### THE PROBLEM
Find the string "case" in the entries and copy each line that has it.
++++++++++++++++++++
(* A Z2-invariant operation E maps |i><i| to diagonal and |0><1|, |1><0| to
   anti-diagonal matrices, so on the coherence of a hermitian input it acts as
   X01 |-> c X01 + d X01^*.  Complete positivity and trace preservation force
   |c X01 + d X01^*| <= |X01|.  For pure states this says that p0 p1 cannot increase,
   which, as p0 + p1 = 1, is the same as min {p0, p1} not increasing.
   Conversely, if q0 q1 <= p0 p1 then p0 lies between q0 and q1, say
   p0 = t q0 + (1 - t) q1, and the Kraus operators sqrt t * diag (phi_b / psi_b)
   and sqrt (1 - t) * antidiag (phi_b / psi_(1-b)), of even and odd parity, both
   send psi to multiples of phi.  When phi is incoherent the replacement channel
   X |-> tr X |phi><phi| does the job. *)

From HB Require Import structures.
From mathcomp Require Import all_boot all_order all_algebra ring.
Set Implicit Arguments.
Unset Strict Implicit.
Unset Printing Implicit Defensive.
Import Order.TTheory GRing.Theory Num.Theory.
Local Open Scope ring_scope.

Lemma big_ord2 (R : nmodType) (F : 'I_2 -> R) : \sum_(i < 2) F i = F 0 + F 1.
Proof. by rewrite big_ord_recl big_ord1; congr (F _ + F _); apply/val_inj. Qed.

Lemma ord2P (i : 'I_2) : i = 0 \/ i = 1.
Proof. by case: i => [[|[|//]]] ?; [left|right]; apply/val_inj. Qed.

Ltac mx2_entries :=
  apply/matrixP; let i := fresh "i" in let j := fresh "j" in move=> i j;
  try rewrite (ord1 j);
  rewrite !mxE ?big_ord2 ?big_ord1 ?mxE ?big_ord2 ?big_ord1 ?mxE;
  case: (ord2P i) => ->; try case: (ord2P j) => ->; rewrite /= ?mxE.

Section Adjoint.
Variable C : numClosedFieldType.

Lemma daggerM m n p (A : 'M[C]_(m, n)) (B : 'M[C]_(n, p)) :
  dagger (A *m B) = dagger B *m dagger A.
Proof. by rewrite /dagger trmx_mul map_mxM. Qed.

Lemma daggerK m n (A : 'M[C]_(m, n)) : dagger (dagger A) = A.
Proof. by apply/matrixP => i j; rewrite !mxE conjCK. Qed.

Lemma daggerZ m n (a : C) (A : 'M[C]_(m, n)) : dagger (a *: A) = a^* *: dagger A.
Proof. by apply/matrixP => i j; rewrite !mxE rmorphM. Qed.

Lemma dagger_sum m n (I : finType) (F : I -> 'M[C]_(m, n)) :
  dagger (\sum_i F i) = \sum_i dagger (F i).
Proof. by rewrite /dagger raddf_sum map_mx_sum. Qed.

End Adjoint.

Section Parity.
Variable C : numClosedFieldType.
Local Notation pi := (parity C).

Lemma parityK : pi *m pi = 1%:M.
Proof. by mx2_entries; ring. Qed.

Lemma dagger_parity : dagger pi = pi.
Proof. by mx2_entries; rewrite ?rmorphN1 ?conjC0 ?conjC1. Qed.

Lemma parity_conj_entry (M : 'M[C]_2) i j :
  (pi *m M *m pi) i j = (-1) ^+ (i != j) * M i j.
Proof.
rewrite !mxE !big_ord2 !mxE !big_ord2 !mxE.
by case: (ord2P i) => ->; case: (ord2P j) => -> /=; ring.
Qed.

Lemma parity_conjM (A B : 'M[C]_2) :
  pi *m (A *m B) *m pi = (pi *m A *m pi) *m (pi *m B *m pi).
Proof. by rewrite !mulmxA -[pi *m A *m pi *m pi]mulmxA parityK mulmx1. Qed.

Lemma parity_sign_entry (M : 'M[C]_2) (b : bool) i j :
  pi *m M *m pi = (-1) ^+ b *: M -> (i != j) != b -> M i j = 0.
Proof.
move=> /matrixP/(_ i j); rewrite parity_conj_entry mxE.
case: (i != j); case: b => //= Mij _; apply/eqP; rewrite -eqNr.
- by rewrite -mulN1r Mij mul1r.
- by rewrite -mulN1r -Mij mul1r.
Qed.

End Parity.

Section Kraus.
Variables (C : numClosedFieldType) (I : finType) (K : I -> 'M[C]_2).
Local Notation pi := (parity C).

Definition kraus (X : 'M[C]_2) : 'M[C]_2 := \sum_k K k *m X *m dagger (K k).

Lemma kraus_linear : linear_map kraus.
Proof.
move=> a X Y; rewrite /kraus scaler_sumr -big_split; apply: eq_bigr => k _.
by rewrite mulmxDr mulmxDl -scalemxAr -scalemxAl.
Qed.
++++++++++++++++++++
### SOLUTION FOR THIS TASK
Proof. by case: i => [[|[|//]]] ?; [left|right]; apply/val_inj. Qed.
  case: (ord2P i) => ->; try case: (ord2P j) => ->; rewrite /= ?mxE.
by case: (ord2P i) => ->; case: (ord2P j) => -> /=; ring.
case: (i != j); case: b => //= Mij _; apply/eqP; rewrite -eqNr.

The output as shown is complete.